- Coat of arms of Westminster from 1601

Type
- Type: Manorial court

History
- Established: 1585
- Disbanded: 1900
- Succeeded by: Westminster City Council

Leadership
- Chairman: High Steward of Westminster Abbey
- Seats: 12 burgesses 12 assistant burgesses

Elections
- Voting system: Annual nomination

Meeting place
- Westminster

= Westminster Court of Burgesses =

Court of the City and Liberty of Westminster

The Westminster Court of Burgesses was established by the Government of the City of Westminster Act 1584 (27 Eliz. 1. c. 31) in 1585 and abolished in 1900. It formed part of the local government of the City and Liberty of Westminster, England.

The act was continued until the end of the next session of parliament by the Continuance, etc. of Laws Act 1586 (29 Eliz. 1. c. 5), the Continuance, etc. of Laws Act 1586 (29 Eliz. 1. c. 5), the Continuance, etc. of Laws Act 1588 (31 Eliz. 1. c. 10) and the Continuance, etc. of Laws Act 1592 (35 Eliz. 1. c. 7).

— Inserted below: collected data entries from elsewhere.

(* Vertex [0] is the hub, [i + 1] is the leaf [u_i], and the vertices above [d] form the
   clique [K], of which [kfirst c] are the first [c]. *)
Definition hub : 'I_n := ord0.
Definition leaf (i : 'I_d) : 'I_n := inord i.+1.
Definition kfirst c : {set 'I_n} := [set z : 'I_n | d < z < d.+1 + c].

Lemma leafE i : val (leaf i) = i.+1.
Proof. by rewrite /leaf /= inordK //; have := ltn_ord i; lia. Qed.

Lemma leaf_inj : injective leaf.
Proof. by move=> i j /(congr1 val); rewrite !leafE => [[]] /val_inj. Qed.

Lemma hub_leaf i : (hub == leaf i) = false.
Proof. by apply/negbTE/eqP => /(congr1 val); rewrite leafE. Qed.

Lemma leaf_hub i : (leaf i == hub) = false.
Proof. by rewrite eq_sym hub_leaf. Qed.

Lemma d_lt_leaf i : (d < leaf i) = false.
Proof. by rewrite leafE; have := ltn_ord i; lia. Qed.

Lemma hub_kfirst c : (hub \in kfirst c) = false.
Proof. by rewrite inE. Qed.

Lemma leaf_kfirst c i : (leaf i \in kfirst c) = false.
Proof. by rewrite inE d_lt_leaf. Qed.

Lemma card_kfirst c : c <= M -> #|kfirst c| = c.
Proof.
move=> cM; have -> : kfirst c = [set inord (d.+1 + t) | t : 'I_c].
  apply/setP => z; rewrite inE; apply/idP/imsetP => [/andP[dz zc]|[t _ ->]].
    have tc : z - d.+1 < c by lia.
    by exists (Ordinal tc) => //; apply: val_inj; rewrite /= inordK; lia.
  by have tc := ltn_ord t; rewrite inordK; lia.
rewrite card_imset ?card_ord // => t1 t2 /(congr1 val) /=.
have t1c := ltn_ord t1; have t2c := ltn_ord t2.
by rewrite !inordK => [e||]; [apply: val_inj => /=; lia|lia|lia].
Qed.

Section HubCore.
Variables (G : {set {set 'I_n}}) (c : nat) (P W : {pred 'I_d}).
Hypotheses (c_gt0 : 0 < c) (cdM : c + d < M).
Hypothesis clique : forall a b : 'I_n, d < a -> d < b -> a != b -> [set a; b] \in G.
Hypothesis hub_adj : forall y, y \in kfirst c -> [set hub; y] \in G.
Hypothesis hub_leafP : forall i, P i -> [set hub; leaf i] \in G.
Hypothesis leafP_adj :
  forall i, P i -> forall y, y \in kfirst (c + d) -> [set leaf i; y] \in G.
Hypothesis hub_nbr : forall y, [set hub; y] \in G ->
  y \in kfirst c \/ exists2 i, y = leaf i & P i || W i.
Hypothesis leafW_nbr : forall i, W i ->
  forall y, [set leaf i; y] \in G -> y = hub \/ y \in kfirst c.-1.

Lemma core_hub_le : core_number G hub <= c + #|P|.
Proof.
apply: core_number_le => U hubU.
have [/existsP[i /andP[Wi iU]] | /existsPn noW] := boolP [exists i, W i && (leaf i \in U)].
  exists (leaf i) => //; apply: leq_trans (deg_in_le_card (N := hub |: kfirst c.-1) _) _.
    by move=> z _ /(leafW_nbr Wi)[->|zK]; rewrite in_setU1 ?eqxx ?zK ?orbT.
  by apply: leq_trans (leq_card_setU _ _) _; rewrite cards1 card_kfirst; lia.
exists hub => //; apply: leq_trans (deg_in_le_card (N := kfirst c :|: leaf @: P) _) _.
  move=> z zU /hub_nbr[zK|[i zi PWi]]; first by rewrite inE zK.
  subst z; rewrite inE imset_f ?orbT //.
  by have := noW i; rewrite zU andbT; case: (W i) PWi; rewrite ?orbF.
apply: leq_trans (leq_card_setU _ _) _.
by rewrite card_kfirst ?card_imset //; [exact: leaf_inj|lia].
Qed.

Lemma core_hub_ge : c + #|P| <= core_number G hub.
Proof.
have card_P : #|P| <= d by have := max_card (mem P); rewrite card_ord.
pose U := [set y : 'I_n | (d < y) || (y == hub) || (y \in leaf @: P)].
have bigU (y : 'I_n) : d < y -> y \in U by rewrite inE => ->.
apply: (core_number_ge (U := U)); first by rewrite inE eqxx orbT.
move=> y; rewrite inE => /orP[/orP[dy|/eqP ->]|/imsetP[i Pi ->]].
- apply: leq_trans (card_le_deg_in (N := kfirst M :\ y) _ _).
  + have yK : y \in kfirst M by rewrite inE dy /=; have := ltn_ord y; lia.
    by have := cardsD1 y (kfirst M); rewrite yK card_kfirst //; lia.
  + by apply/subsetP => z; rewrite !inE => /andP[_ /andP[dz _]]; rewrite dz.
  + by move=> z; rewrite !inE => /andP[zy /andP[dz _]]; apply: clique; rewrite // eq_sym.
- have disj : [disjoint kfirst c & leaf @: P].
    rewrite disjoint_sym disjoint_subset.
    by apply/subsetP => _ /imsetP[i _ ->]; rewrite inE /= leaf_kfirst.
  apply: leq_trans (card_le_deg_in (N := kfirst c :|: leaf @: P) _ _).
  + have /eqP -> : #|kfirst c :|: leaf @: P| == #|kfirst c| + #|leaf @: P|.
      by rewrite (leq_card_setU _ _).2.
    by rewrite card_kfirst ?card_imset //; [exact: leaf_inj|lia].
  + apply/subsetP => z; rewrite !inE => /orP[/andP[-> _]//|zP].
    by rewrite zP !orbT.
  + by move=> z; rewrite inE => /orP[/hub_adj //|/imsetP[i Pi ->]]; apply: hub_leafP.
- apply: leq_trans (card_le_deg_in (N := kfirst (c + d)) _ _).
  + by rewrite card_kfirst; lia.
  + by apply/subsetP => z; rewrite inE => /andP[dz _]; apply: bigU.
  + exact: leafP_adj.
Qed.

Lemma core_hub : core_number G hub = c + #|P|.
Proof. by apply/eqP; rewrite eqn_leq core_hub_le core_hub_ge. Qed.

End HubCore.

Definition level j := d.+1 * j.+1.

Lemma level_succ j : (level j.+1).-1 = level j + d.
Proof. by rewrite /level mulnS; lia. Qed.

Definition E0 : {set {set 'I_n}} :=
  rel_graph (fun a b : 'I_n =>
    (d < a) && (d < b) || (a == hub) && (b \in kfirst (level 0))).
Definition leaf_edge i : {set 'I_n} := [set hub; leaf i].

Lemma card_leaf_edge i : #|leaf_edge i| = 2.
Proof. by rewrite cards2 hub_leaf. Qed.

Definition Sq (q : nat -> 'I_d -> bool) j : {set {set 'I_n}} :=
  rel_graph (fun a b : 'I_n =>
    [exists i, q j i && (a == leaf i)] && (b \in kfirst (level j + d))).

Definition Tq j : {set {set 'I_n}} :=
  rel_graph (fun a b : 'I_n => (a == hub) && (b \in kfirst (level j.+1))).

Section Stages.
Variables (q : nat -> 'I_d -> bool) (x : {ffun 'I_d -> bool}).
Local Notation H j := (Hgraph E0 leaf_edge (Sq q) Tq x j).
Local Notation Q j := (Qgraph E0 leaf_edge (Sq q) Tq x j).

Definition stage_adj j (a b : 'I_n) :=
  [|| (d < a) && (d < b), (a == hub) && (b \in kfirst (level j)),
      (a == hub) && [exists i, x i && (b == leaf i)] |
      [exists i, a == leaf i] && (b \in kfirst (level j).-1)].

Lemma stage_adj_succ j a b : stage_adj j a b -> stage_adj j.+1 a b.
Proof.
have lt_level : level j < level j.+1 by rewrite /level ltn_mul2l /=.
rewrite /stage_adj !inE => /or4P[->|/andP[-> hb]|->|/andP[-> hb]]; rewrite ?orbT //.
  by apply/or4P; apply: Or42; apply/andP; split => //; lia.
by apply/or4P; apply: Or44; apply/andP; split => //; lia.
Qed.

Lemma H_adj j a b : [set a; b] \in H j -> stage_adj j a b || stage_adj j b a.
Proof.
elim: j => [|j IH] /=.
  case/setUP => [/rel_graph_set2|/imsetP[i xi e]].
    by case/orP => /orP[] r; rewrite /stage_adj r ?orbT.
  have adj_xi : stage_adj 0 hub (leaf i).
    rewrite /stage_adj; apply/or4P; apply: Or43; rewrite eqxx /=.
    by apply/existsP; exists i; move: xi; rewrite inE => ->; rewrite eqxx.
  by case: (eq_set2 e) => [][-> ->]; rewrite adj_xi ?orbT.
case/setUP => [/setUP[/IH|/rel_graph_set2]|/rel_graph_set2].
- by case/orP => /stage_adj_succ ->; rewrite ?orbT.
- case/orP => /andP[ha hb]; apply/orP; [left|right]; apply/or4P; apply: Or44;
    rewrite level_succ hb andbT; case/existsP: ha => i /andP[_ e];
    by apply/existsP; exists i.
- by case/orP => r; rewrite /stage_adj r ?orbT.
Qed.

Lemma hub_nbr_H j y :
  [set hub; y] \in H j -> y \in kfirst (level j) \/ exists2 i, y = leaf i & x i.
Proof.
have hub_not_leaf : [exists i, hub == leaf i] = false.
  by apply/existsP => [[i]]; rewrite hub_leaf.
have hub_not_xleaf : [exists i, x i && (hub == leaf i)] = false.
  by apply/existsP => [[i]]; rewrite hub_leaf andbF.
move/H_adj; rewrite /stage_adj !hub_kfirst eqxx hub_not_leaf hub_not_xleaf /=.
rewrite ltn0 !andbF !orbF.
by case/orP => [->|/existsP[i /andP[xi /eqP ->]]]; [left|right; exists i].
Qed.

Lemma leaf_nbr_H j i y :
  [set leaf i; y] \in H j -> y = hub \/ y \in kfirst (level j).-1.
Proof.
have leaf_i : [exists i', leaf i == leaf i'] by apply/existsP; exists i.
move/H_adj; rewrite /stage_adj !d_lt_leaf leaf_hub !leaf_kfirst leaf_i.
rewrite !andbF !andFb !orbF !orFb andTb.
by case/orP => [->|/andP[/eqP -> _]]; [right|left].
Qed.

Lemma H0_sub j : H 0 \subset H j.
Proof.
elim: j => [//|j IH] /=; apply: (subset_trans IH).
exact: subset_trans (subsetUl _ _) (subsetUl _ _).
Qed.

The court was set up following the dissolution of the monasteries, filling a power vacuum created by Westminster Abbey ceasing to exert control over the area.

Initially it had the powers to deal with nuisances and adjudicate the prosecutions of some minor criminal offences. The parishes that made up the city continued to have self governance through their vestries. After justices of the peace were set up for Westminster in 1618, the court dealt with lesser cases such as offences relating to weights and measures.

The Westminster area was incorporated as the Metropolitan Borough of Westminster in 1900 and the court, as well as the parish vestries, were replaced by Westminster City Council.